Baskin Igor I, Kireeva Natalia, Varnek Alexandre
Department of Chemistry, Moscow State University, Moscow 119991, Russia.
Laboratoire d'Infochimie, UMR 7177 CNRS, Université de Strasbourg, 4, rue B. Pascal, Strasbourg 67000, France.
Mol Inform. 2010 Sep 17;29(8-9):581-7. doi: 10.1002/minf.201000063. Epub 2010 Aug 30.
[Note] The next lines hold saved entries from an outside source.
(* Let $(G,c)$ be a W-state graph, and let $X$ and $X'$ be the vertex sets of the two connected components of the spanning subgraph $G_m=(V(G),E_m(G))$ of monochromatic edges. If $\min(|X|,|X'|)\ge 3$, then $G$ is bicritical.
   Context: Graphs may have parallel edges but no loops. A half-edge $2$-colouring $c$ of $G$ assigns to each pair $(e,w)$ with $w$ an endpoint of edge $e$ a colour in $\{0,1\}$ (0 = blue, 1 = red). An edge $e=uv$ is bichromatic if $c(e,u)\neq c(e,v)$ and monochromatic otherwise; $E_m(G)$ is the set of monochromatic edges; standing convention: monochromatic edges are blue at both ends. A graph is matching-covered if every edge lies in some perfect matching. A W-state graph is a half-edge $2$-coloured matching-covered graph $(G,c)$ in which every perfect matching contains exactly one bichromatic edge, and every vertex $v$ is incident with an edge $e$ with $c(e,v)=1$. For any W-state graph, $G_m$ has exactly two connected components. A graph $G$ with $|V(G)|\ge 4$ is bicritical if $G-\{u,v\}$ has a perfect matching for all distinct $u,v\in V(G)$. *)

(* Parallel edges are allowed (distinct edges may have the same endpoints).
   A half-edge 2-colouring is c : E -> V -> bool, where only the values
   c e (src e) and c e (dst e) are meaningful (true = 1 = red, false = 0 = blue). *)
From mathcomp Require Import all_boot.
Set Implicit Arguments. Unset Strict Implicit. Unset Printing Implicit Defensive.

Section Graphs.
Variables (V E : finType) (src dst : E -> V).

Definition loopless : Prop := forall e, src e != dst e.

Definition incident (e : E) (v : V) : bool := (src e == v) || (dst e == v).

Definition perfect_matching_avoiding (S : {set V}) (M : {set E}) : Prop :=
  (forall e, e \in M -> forall v, v \in S -> ~~ incident e v) /\
  (forall v, v \notin S -> #|[set e in M | incident e v]| = 1).

Definition perfect_matching (M : {set E}) : Prop :=
  perfect_matching_avoiding set0 M.

Definition matching_covered : Prop :=
  forall e, exists M, perfect_matching M /\ e \in M.

Definition bicritical : Prop :=
  4 <= #|V| /\
  forall u v : V, u != v ->
    exists M, perfect_matching_avoiding [set u; v] M.

Variable c : E -> V -> bool.

Definition bichromatic (e : E) : bool := c e (src e) != c e (dst e).
Definition monochromatic (e : E) : bool := c e (src e) == c e (dst e).

Definition mono_blue : Prop :=
  forall e, monochromatic e -> c e (src e) = false /\ c e (dst e) = false.

Definition W_state : Prop :=
  matching_covered /\
  (forall M, perfect_matching M -> #|[set e in M | bichromatic e]| = 1) /\
  (forall v, exists e, incident e v /\ c e v = true).
(* Let $L>0$ and let $\alpha,\beta:\mathbb{R}\to\mathbb{R}^2$ be smooth $L$-periodic maps with $\alpha'$ nowhere zero, $\langle\beta,\alpha'\rangle = 0$ and $|\alpha'|^2+|\beta|^2=1$. Let $\gamma(t,s) = \tfrac12(\alpha(s+t)+\alpha(s-t)) + \tfrac12\int_{s-t}^{s+t}\beta(\xi)\,d\xi$, $a=\alpha'+\beta$, $b=\alpha'-\beta$, and let $\psi,\tilde\psi:\mathbb{R}\to\mathbb{R}$ be smooth functions with $a = (\cos\psi,\sin\psi)$ and $b = -(\cos\tilde\psi,\sin\tilde\psi)$. Assume that the closed curve $\alpha$ has non-zero rotation index and that the unit tangent map is continuous. If $\psi(s_0) = \psi(s_1) = \tilde\psi(r_0)$ for some $s_0,s_1,r_0$ with $0 < s_1 - s_0 < L$, then $\psi$ is constant on $(s_0,s_1)$.
   Context: The unit tangent map is $U(t,s) = \gamma_{,s}(t,s)/|\gamma_{,s}(t,s)|$, defined where $\gamma_{,s}(t,s)\neq 0$; note $2\gamma_{,s}(t,s) = a(s+t)+b(s-t)$. ''The unit tangent map is continuous'' means that for every $t\in\mathbb{R}$, $s\mapsto U(t,s)$ extends to a continuous map on all of $\mathbb{R}$. The rotation index of $\alpha$ is the degree of $\alpha'/|\alpha'|$ as a map from $\mathbb{R}/L\mathbb{Z}$ to the unit circle; $a$ and $b$ have the same degree $d$, so $\psi(s+L)-\psi(s) = \tilde\psi(s+L)-\tilde\psi(s) = 2\pi d$. *)

From Stdlib Require Import Reals.
From Coquelicot Require Import Coquelicot.
Open Scope R_scope.

Definition smooth (f : R -> R) : Prop :=
  forall (n : nat) (x : R), ex_derive_n f n x.

Definition smooth2 (f : R -> R * R) : Prop :=
  smooth (fun x => fst (f x)) /\ smooth (fun x => snd (f x)).

Definition periodic2 (L : R) (f : R -> R * R) : Prop :=
  forall x, f (x + L) = f x.

Definition deriv2 (f : R -> R * R) (s : R) : R * R :=
  (Derive (fun x => fst (f x)) s, Derive (fun x => snd (f x)) s).

Definition dot2 (u v : R * R) : R := fst u * fst v + snd u * snd v.
Definition norm2 (u : R * R) : R := sqrt (dot2 u u).

Definition continuous2 (f : R -> R * R) : Prop :=
  forall s, continuous (fun x => fst (f x)) s /\ continuous (fun x => snd (f x)) s.

Definition gamma (alpha beta : R -> R * R) (t s : R) : R * R :=
  ( / 2 * (fst (alpha (s + t)) + fst (alpha (s - t)))
      + / 2 * RInt (fun xi => fst (beta xi)) (s - t) (s + t),
    / 2 * (snd (alpha (s + t)) + snd (alpha (s - t)))
      + / 2 * RInt (fun xi => snd (beta xi)) (s - t) (s + t) ).

Definition gamma_s (alpha beta : R -> R * R) (t s : R) : R * R :=
  deriv2 (fun s' => gamma alpha beta t s') s.

(* unit tangent map U(t,s) = gamma_s / |gamma_s| (meaningful where gamma_s <> 0) *)
Definition unit_tangent (alpha beta : R -> R * R) (t s : R) : R * R :=
  let g := gamma_s alpha beta t s in (fst g / norm2 g, snd g / norm2 g).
In this paper, we associate an applicability domain (AD) of QSAR/QSPR models with the area in the input (descriptor) space in which the density of training data points exceeds a certain threshold. It could be proved that the predictive performance of the models (built on the training set) is larger for the test compounds inside the high density area, than for those outside this area. Instead of searching a decision surface separating high and low density areas in the input space, the one-class classification 1-SVM approach looks for a hyperplane in the associated feature space. Unlike other reported in the literature AD definitions, this approach: (i) is purely "data-based", i.e. it assigns the same AD to all models built on the same training set, (ii) provides results that depend only on the initial descriptors pool generated for the training set, (iii) can be used for the huge number of descriptors, as well as in the framework of structured kernel-based approaches, e.g., chemical graph kernels. The developed approach has been applied to improve the performance of QSPR models for stability constants of the complexes of organic ligands with alkaline-earth metals in water.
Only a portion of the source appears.